The purpose of this paper is to evaluate the LOCF imputation method in situations of persistent binary outcomes. A simulation study is performed to examine the effect of dropout rates and type of dropout (random or associated with treatment arm) on Type I error for the LOCF method of analysis. At the same time, the results from LOCF are compared to two versions of complete case analysis: Complete1 (excluding all observations with missing data), and Complete2 (excluding the missing data when the event hasn’t been observed to occur, but carrying forward the observations if the event is observed to occur).

observed to occur). Section 2 describes the simulation. Section 3 presents results of the simulation, allowing a comparison of the three analysis methods. In section 4, these methods are applied to a real life example using the WISER study. Finally, we summarize the study, discuss the limitations, and mention future work.

Simulation and Methods

Assumptions and parameters in the simulation

Simulations are performed by assuming an RCT with two treatment arms (Control and Treatment), equal sample sizes and three time points (T1, T2, and T3). Two study scenarios are considered. In one, it was assumed that the study event could not have occurred at time one. This would be typical for a clinical trial where T1 is baseline (prior to treatment) and having the event would be exclusion to enrolling in the study. In the second scenario, the first measurement (T1) could be assessed after treatment and the event may or may not occur at that time. In both studies, it was assumed no missing data at T1, and an equal likelihood that the missing data would first occur at T2 or T3. The persisted event is assumed, meaning that the subject will continue to have the event at future time points once a subject has the event. Monotone missing is also assumed, which can be explained as once a subject has missing data at a time point all future time points will also be missing.

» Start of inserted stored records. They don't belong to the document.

Lemma Pbar_approx e h d : Pbar e h -> (0 < d)%R -> (d < C)%R ->
  exists t, P e t /\ Pbar d (h - phi t).
Proof.
move=> Ph d_gt0 dC.
have : nbhd opH h (fun y => Pbar d (h - y)).
  apply/nbhd_Pbar; exists d; do 2 (split=> //); move=> k Pk.
  by rewrite opprD addNKr; apply: (scaleN Pbar_scale).
by move=> [O [oO [Oh OP]]]; have [t [Pt Ot]] := Ph O oO Oh; exists t; split=> //; apply: OP.
Qed.

Lemma Pbar_closed e x : (0 < e)%R -> (e < C)%R ->
  (forall d, (0 < d)%R -> (d < C)%R -> exists y, Pbar e y /\ Pbar d (x - y)) -> Pbar e x.
Proof.
move=> e_gt0 eC x_lim U oU Ux.
have [d [d_gt0 [dC Hd]]] : exists d, (0 < d)%R /\ (d < C)%R /\ forall k, Pbar d k -> U (x + k).
  by apply/nbhd_Pbar; exists U.
have [y [Py Pxy]] := x_lim (d / 2)%R ltac:(lra) ltac:(lra).
have [t [Pt Pyt]] := Pbar_approx Py (d := (d / 2)%R) ltac:(lra) ltac:(lra).
exists t; split=> //.
have -> : phi t = x + - ((x - y) + (y - phi t)) by rewrite addrA subrK opprB addrC subrK.
apply: Hd; apply: (scaleN Pbar_scale) => //.
by apply: (scale_half Pbar_scale).
Qed.

Hypothesis P_locally_finite :
  forall e, (0 < e)%R -> (e < C)%R -> locally_finite opG (P e).
Hypothesis P_relatively_dense :
  forall e, (0 < e)%R -> (e < C)%R -> relatively_dense opG (P e).

(* A fine net of [Pbar (C/4)] is the image of the finitely many points of
   [P (C/4 + d/2)] lying in a compact set [K] with [G = P (d/2) + K]. *)
Lemma Pbar_totally_bounded d : (0 < d)%R -> (d < C)%R ->
  exists s : list H, forall h, Pbar (C / 4) h -> exists a, List.In a s /\ Pbar d (h - a).
Proof.
move=> d_gt0 dC.
have [K [K_compact G_cover]] := P_relatively_dense (e := (d / 2)%R) ltac:(lra) ltac:(lra).
have [s s_full] := P_locally_finite (e := (C / 4 + d / 2)%R) ltac:(lra) ltac:(lra) K_compact.
exists (List.map phi s) => h Ph.
have [t [Pt Pht]] := Pbar_approx Ph (d := (d / 2)%R) ltac:(lra) ltac:(lra).
have [a [k [Pa [Kk Et]]]] := G_cover t; subst t.
have Pk : P (C / 4 + d / 2)%R k.
  have -> : k = (a + k) - a by rewrite addrC addKr.
  by apply: (scaleB P_scale) => //; lra.
have La : L a by apply: (scale_sub P_scale) Pa; lra.
have Lk : L k by apply: (scale_sub P_scale) Pk; lra.
exists (phi k); split; first by apply: List.in_map; apply: s_full.
have -> : h - phi k = (h - phi (a + k)) + phi a by rewrite phiD // opprD addrA addrAC subrK.
by apply: (scale_half Pbar_scale) => //; apply: Pbar_phi.
Qed.

Lemma Pbar_compact : compact opH (Pbar (C / 4)).
Proof.
apply: (compact_of_totally_bounded opH_complete C_gt0 Pbar_scale nbhd_Pbar).
  exact: Pbar_totally_bounded.
by move=> x; apply: Pbar_closed; lra.
Qed.

Lemma completion_locally_compact : locally_compact opH.
Proof.
move=> x; exists (fun y => Pbar (C / 4) (y - x)); split.
  by apply: compact_translate => //; apply: Pbar_compact.
apply/nbhd_Pbar; exists (C / 4)%R; do 2 (split; first lra).
by move=> k; rewrite addrC addKr.
Qed.

Hypothesis opG_LCA : LCA_group opG.

Lemma Ltilde_subgroup : subgroup (Ltilde L phi).
Proof.
split; first by split; [apply: subgroup0 | rewrite /= phi0].
move=> [x1 x2] [y1 y2] [/= Lx ->] [/= Ly ->]; split=> /=; first exact: subgroupB.
by rewrite phiB.
Qed.

(* Near [0], [P (C/2)] has finitely many points, which Hausdorffness separates
   from [0]; and [phi t] near [0] forces [t] into [P (C/2)]. *)
Lemma Ltilde_discrete : discrete (prod_top opG opH) (Ltilde L phi).
Proof.
have [opG_group [opG_hausdorff opG_lc]] := opG_LCA; have [opG_top _] := opG_group.
have [K [K_compact [V [oV [V0 VK]]]]] := opG_lc 0.
have [s s_full] := P_locally_finite (e := (C / 2)%R) ltac:(lra) ltac:(lra) K_compact.
have [O [oO [O0 Os]]] := hausdorff_isolate 0 s opG_top opG_hausdorff.
have [_ [_ [_ opG_cap]]] := opG_top.
pose OG y := V y /\ O y.
have OG_open : opG OG by apply: opG_cap.
have OG_P t : P (C / 2)%R t -> OG t -> t = 0.
  by move=> Pt [Vt Ot]; apply: NNPP => t0; apply: (Os t) => //; apply: s_full => //; apply: VK.
have [VH [[OH [oOH [OH0 OHV]]] VH_P]] := P_phi_nbhd (e := (C / 2)%R) ltac:(lra) ltac:(lra).
move=> [x b] [/= Lx Eb]; subst b.
exists (fun q : G * H => OG (q.1 + - x) /\ OH (q.2 + - phi x)); split.
  move=> [a b] /= [Oa Ob].
  exists (fun a => OG (a + - x)), (fun b => OH (b + - phi x)).
  have := open_translate opG_group (- x) OG_open.
  by have := open_translate opH_group (- phi x) oOH.
split; first by rewrite /= !subrr.
move=> [t b] /= [Ot Ob] [/= Lt Eb]; subst b.
have Ltx : L (t - x) by apply: subgroupB.
suff /subr0_eq -> : t - x = 0 by [].
by apply: OG_P => //; apply: VH_P => //; apply: OHV; rewrite phiB.
Qed.

(* [G = P (C/8) + K] and [phi (L)] is dense, so [G x H = Ltilde + (K x Pbar (C/4))]. *)
Lemma Ltilde_relatively_dense : relatively_dense (prod_top opG opH) (Ltilde L phi).
Proof.
have [K [K_compact G_cover]] := P_relatively_dense (e := (C / 8)%R) ltac:(lra) ltac:(lra).
have [[opG_top _] _] := opG_LCA.
exists (fun q : G * H => K q.1 /\ Pbar (C / 4) q.2); split.
  exact: compact_setX opG_top K_compact Pbar_compact.
move=> [g h].
have : nbhd opH h (fun y => Pbar (C / 8) (h - y)).
  apply/nbhd_Pbar; exists (C / 8)%R; do 2 (split; first lra).
  by move=> k Pk; rewrite opprD addNKr; apply: (scaleN Pbar_scale) => //; lra.
move=> [O [oO [Oh OP]]].
have [y [Oy [t [Lt Ey]]]] := phi_dense oO (ex_intro _ h Oh); subst y.
have [a [k [Pa [Kk Eg]]]] := G_cover (g - t).
have La : L a by apply: (scale_sub P_scale) Pa; lra.
have Lta : L (t + a) by apply: subgroupD.
exists (t + a, phi (t + a)), (k, h - phi (t + a)).
split; first by [].
split.
  split=> //=; have -> : h - phi (t + a) = (h - phi t) + phi (- a).
    by rewrite phiD // phiN // opprD addrA.
  have -> : (C / 4)%R = (C / 8 + C / 8)%R by lra.
  apply: (scaleD Pbar_scale); try lra; first exact: OP.
  by apply: Pbar_phi; apply: (scaleN P_scale) => //; lra.
have Eg_sum : g = t + a + k by rewrite -addrA -Eg addrC subrK.
have Eh : h = phi (t + a) + (h - phi (t + a)) by rewrite addrC subrK.
by rewrite {1}Eg_sum {1}Eh.
Qed.

End AnyCompletion.

Theorem theorem2p9 (G : zmodType) (opG : set G -> Prop) (C : R)
  (P : R -> set G) (L : set G) :
  LCA_group opG -> sigma_compact opG -> Rlt 0 C -> subgroup L ->
  (* (A1) *)
  (forall e, Rlt 0 e -> Rlt e C -> P e 0 /\ forall x, P e x <-> P e (- x)) ->
  (* (A2) *)
  (forall e, Rlt 0 e -> Rlt e C -> locally_finite opG (P e)) ->
  (* (A3) *)
  (forall e e', Rlt 0 e -> Rlt 0 e' -> Rlt (Rplus e e') C ->
     forall x y, P e x -> P e' y -> P (Rplus e e') (x + y)) ->
  (* (A4) *)
  (forall e, Rlt 0 e -> Rlt e C -> relatively_dense opG (P e)) ->
  (* (A5) *)
  (forall e, Rlt 0 e -> Rlt e C -> forall x, P e x -> L x) ->
  ((exists opL, P_topology C P L opL) /\
   (forall opL opL', P_topology C P L opL -> P_topology C P L opL' ->
      forall U, opL U <-> opL' U)) /\
  (exists (H : zmodType) (opH : set H -> Prop) (phi : G -> H),
      is_completion C P L opH phi) /\
  (forall (H : zmodType) (opH : set H -> Prop) (phi : G -> H),
      is_completion C P L opH phi ->
      LCA_group opH /\
      lattice (prod_top opG opH) (Ltilde L phi) /\
      cut_and_project opG opH (Ltilde L phi) /\
      (forall x, (exists y, Ltilde L phi (x, y)) <-> L x) /\
      (forall x y, Ltilde L phi (x, y) -> y = phi x)).
Proof.
move=> opG_LCA _ C_gt0 L_subgroup A1 A2 A3 A4 A5.
have P_scale : scale_on L C P.
  by split=> // e e_gt0 eC => [|x]; have [P0 PN] := A1 e e_gt0 eC; rewrite // -PN.
split; first by split; [apply: P_topology_exists | apply: P_topology_unique].
split; first exact: completion_exists.
move=> H opH phi [opH_group [opH_hausdorff [opH_complete [phiD [phi_dense [phi_P P_phi]]]]]].
have opH_LCA : LCA_group opH.
  split=> //; split=> //.
  exact: (completion_locally_compact (opG := opG) C_gt0 L_subgroup P_scale opH_group
    opH_complete phiD phi_dense phi_P P_phi A2 A4).
have Lt_lattice : lattice (prod_top opG opH) (Ltilde L phi).
  split; first exact: Ltilde_subgroup.
  split; first exact: (Ltilde_discrete C_gt0 L_subgroup opH_group phiD P_phi A2 opG_LCA).
  exact: (Ltilde_relatively_dense C_gt0 L_subgroup P_scale opH_group opH_complete phiD
    phi_dense phi_P P_phi A2 A4 opG_LCA).
do 2 (split=> //); split.
  do 3 (split=> //); split; first by move=> [x1 x2] [y1 y2] [/= _ ->] [/= _ ->] /= ->.
  move=> U oU /(phi_dense U oU) [y [Uy [t [Lt Ey]]]].
  by exists y; split=> //; exists t.
split; first by move=> x; split=> [[y []] | Lx] //; exists (phi x).
by move=> x y [].
Qed.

For the event rates, we assume no treatment effect (equal event rate), allowing the Type I error rate to be assessed. Both equal and unequal dropout rates are considered (Table 1). For the case of equal dropout rate, 9 scenarios are considered, represented by a range of low, moderate and high event rates (0.2, 0.5, and 0.8), and low, moderate and high dropout rates (10%, 25%, and 40%). In the case of unequal dropout rates, 18 scenarios are investigated. Since the effect of unequal dropout could be influenced by how different the dropout rates are, two scenarios corresponding to each average dropout rate are considered. For example, when the average dropout rate is 10%, dropout rates of 12.5% vs. 7.5% and 15% vs. 5% are used in the control group and the treatment group respectively. For each set of parameters, 2000 replications are used for estimation and testing.